(* The orthogonality of [ad_cross_orth_bracket] is transported from [a, d] to
   [c, d] by trading a for a' := N c + (N - g) a, whose bracket with x stays in
   the plane of [x, a] and [x, b]. *)
Lemma ad_cross_eq0 x a b : cross3 (br x a) (br x b) = 0.
Proof.
have [//|m0] := eqVneq (cross3 (br x a) (br x b)) 0.
set u := br x a; set v := br x b; set m := cross3 u v.
have mm : dot3 m m != 0 by rewrite dot3_self_eq0.
apply: dot3_brackets_eq0 => c d.
set N := dot3 m m; set g := dot3 (cross3 (br x c) v) m.
have := cross3_plane_decomp u v (br x c); rewrite -/m ad_det0 scale0r add0r -/N -/g => PD.
pose a' := N *: c + (N - g) *: a.
have Cm : cross3 (br x a') v = N *: m.
  have -> : br x a' = N *: u + dot3 (cross3 u (br x c)) m *: v.
    by rewrite /a' brDr !brZr PD -/u; vec_ring.
  by rewrite cross3Dl !cross3Zl cross3uu scaler0 addr0.
have : N * dot3 m (br a' d) = 0.
  by rewrite -dot3Zl -Cm ad_cross_orth_bracket // Cm scaler_eq0 negb_or mm.
rewrite /a' brDl !brZl dot3Dr !dot3Zr (ad_cross_orth_bracket d m0) mulr0 addr0.
by move/eqP; rewrite !mulf_eq0 (negbTE mm) => /eqP.
Qed.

What this task involves: Repeat back the material above verbatim, including every line.

Reply to the task:
(* The orthogonality of [ad_cross_orth_bracket] is transported from [a, d] to
   [c, d] by trading a for a' := N c + (N - g) a, whose bracket with x stays in
   the plane of [x, a] and [x, b]. *)
Lemma ad_cross_eq0 x a b : cross3 (br x a) (br x b) = 0.
Proof.
have [//|m0] := eqVneq (cross3 (br x a) (br x b)) 0.
set u := br x a; set v := br x b; set m := cross3 u v.
have mm : dot3 m m != 0 by rewrite dot3_self_eq0.
apply: dot3_brackets_eq0 => c d.
set N := dot3 m m; set g := dot3 (cross3 (br x c) v) m.
have := cross3_plane_decomp u v (br x c); rewrite -/m ad_det0 scale0r add0r -/N -/g => PD.
pose a' := N *: c + (N - g) *: a.
have Cm : cross3 (br x a') v = N *: m.
  have -> : br x a' = N *: u + dot3 (cross3 u (br x c)) m *: v.
    by rewrite /a' brDr !brZr PD -/u; vec_ring.
  by rewrite cross3Dl !cross3Zl cross3uu scaler0 addr0.
have : N * dot3 m (br a' d) = 0.
  by rewrite -dot3Zl -Cm ad_cross_orth_bracket // Cm scaler_eq0 negb_or mm.
rewrite /a' brDl !brZl dot3Dr !dot3Zr (ad_cross_orth_bracket d m0) mulr0 addr0.
by move/eqP; rewrite !mulf_eq0 (negbTE mm) => /eqP.
Qed.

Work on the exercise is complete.